El inspector Hackett se dirigió a Jonas Delahaye, despatarrado en el sillón.
—¿Tiene alguna sospecha —levantó la vista hacia James—, cualquiera de ustedes tiene alguna sospecha de por qué su padre pudo querer pegarse un tiro?
Jonas se encogió de hombros y movió las comisuras de la boca hacia abajo. Su hermano dio un último bocado a la manzana y, mirando a su madrastra, se rió.

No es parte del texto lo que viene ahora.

(* Let $p$ be a prime and let $L$ be a locally compact abelian group of exponent $p$ (every non-identity element has order $p$). If $\nabla$ is a symplectic self-duality of $L$, then $(L,\nabla)$ is standard.
   Context: $\mathbf T=\mathbf R/\mathbf Z$; $\hat L$ is the Pontryagin dual of $L$ (continuous homomorphisms $L\to\mathbf T$, compact-open topology). A symplectic self-duality of $L$ is an isomorphism of topological groups $\nabla:L\to\hat L$ with $\nabla(x)(x)=0$ for all $x\in L$. For an LCA group $A$, the standard symplectic self-duality of $A\times\hat A$ is $\nabla^0(x,\chi)(y,\lambda)=\chi(y)-\lambda(x)$. $(L,\nabla)$ is standard if there exist an LCA group $A$ and an isomorphism of topological groups $\phi:A\times\hat A\to L$ with $\nabla(\phi(u))(\phi(v))=\nabla^0(u)(v)$ for all $u,v\in A\times\hat A$. *)

From HB Require Import structures.
From mathcomp Require Import all_boot all_order all_algebra.
From mathcomp Require Import all_classical all_reals all_analysis.
From mathcomp Require Import Rstruct Rstruct_topology generic_quotient.
Set Implicit Arguments. Unset Strict Implicit. Unset Printing Implicit Defensive.
Import Order.TTheory GRing.Theory Num.Theory.
Local Open Scope classical_set_scope.
Local Open Scope ring_scope.

Definition circ_r (x y : Rdefinitions.R) : bool := (x - y) \is a Num.int.

Lemma circ_r_refl : reflexive circ_r.
Proof. by move=> x; rewrite /circ_r subrr rpred0. Qed.
Lemma circ_r_sym : symmetric circ_r.
Proof. by move=> x y; rewrite /circ_r -opprB rpredN. Qed.
Lemma circ_r_trans : transitive circ_r.
Proof.
move=> y x z hxy hyz; rewrite /circ_r.
have -> : x - z = (x - y) + (y - z) by rewrite addrA subrK.
exact: rpredD.
Qed.

Canonical circ_equiv := EquivRel circ_r circ_r_refl circ_r_sym circ_r_trans.

Local Open Scope quotient_scope.
Definition circ_quot := {eq_quot circ_equiv}.
Definition T : topologicalType := quotient_topology circ_quot.

Definition piT (x : Rdefinitions.R) : T := \pi_circ_quot x.
Definition addT (a b : T) : T := piT (repr a + repr b).
Definition oppT (a : T) : T := piT (- repr a).
Definition subT (a b : T) : T := addT a (oppT b).
Definition zeroT : T := piT 0.

Definition LCA (L : topologicalZmodType) : Prop :=
  hausdorff_space L /\ locally_compact [set: L].

Definition is_char (L : topologicalZmodType) (f : L -> T) : Prop :=
  continuous f /\ forall x y : L, f (x + y) = addT (f x) (f y).

Definition chars (L : topologicalZmodType) : set {compact-open, L -> T} :=
  [set f | is_char f].

(* \hat L : the characters, with the subspace topology of the compact-open
   topology on L -> T; its group law is pointwise addition in T. *)
Definition dual (L : topologicalZmodType) : topologicalType :=
  set_type (@chars L).

Definition dual_val (L : topologicalZmodType) (chi : dual L) : L -> T :=
  set_val chi.

Definition homeomorphism (X Y : topologicalType) (f : X -> Y) : Prop :=
  continuous f /\
  exists g : Y -> X, [/\ cancel f g, cancel g f & continuous g].

Definition symplectic_self_duality (L : topologicalZmodType)
    (nabla : L -> dual L) : Prop :=
  [/\ homeomorphism nabla,
      (forall x y z : L,
          dual_val (nabla (x + y)) z =
          addT (dual_val (nabla x) z) (dual_val (nabla y) z))
    & forall x : L, dual_val (nabla x) x = zeroT].

Definition std_nabla (A : topologicalZmodType) (u v : A * dual A) : T :=
  subT (dual_val u.2 v.1) (dual_val v.2 u.1).

Definition is_standard (L : topologicalZmodType) (nabla : L -> dual L) : Prop :=
  exists (A : topologicalZmodType) (phi : (A * dual A)%type -> L),
    [/\ LCA A,
        homeomorphism phi,
        (* phi is a group homomorphism, A x \hat A carrying the
           componentwise law (pointwise addition on \hat A) *)
        (forall u v w : (A * dual A)%type,
            w.1 = u.1 + v.1 ->
            (forall a : A, dual_val w.2 a = addT (dual_val u.2 a) (dual_val v.2 a)) ->
            phi w = phi u + phi v)
      & forall u v : (A * dual A)%type,
          dual_val (nabla (phi u)) (phi v) = std_nabla u v].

—Supongo que un alma caritativa diría que estaban claramente bajo los efectos traumáticos del shock sufrido —dijo Hackett.
Quirke y él habían emprendido el camino de vuelta y se dirigían al canal por Northumberland Road. Aún brillaba el sol, pero las sombras vespertinas empezaban a alargarse. La luz crepuscular parecía concentrarse en el follaje de las hayas que se sucedían a intervalos en la acera. La asombrosa reacción de los gemelos Delahaye a la muerte de su padre, su despegada despreocupación era el tema de conversación de los dos hombres.
—No parece que estén destrozados. Y ella tampoco —Hackett miró de reojo a Quirke—. ¿Usted qué piensa?
Quirke permaneció en silencio mientras seguía caminando con la vista fija en la puntera de sus zapatos.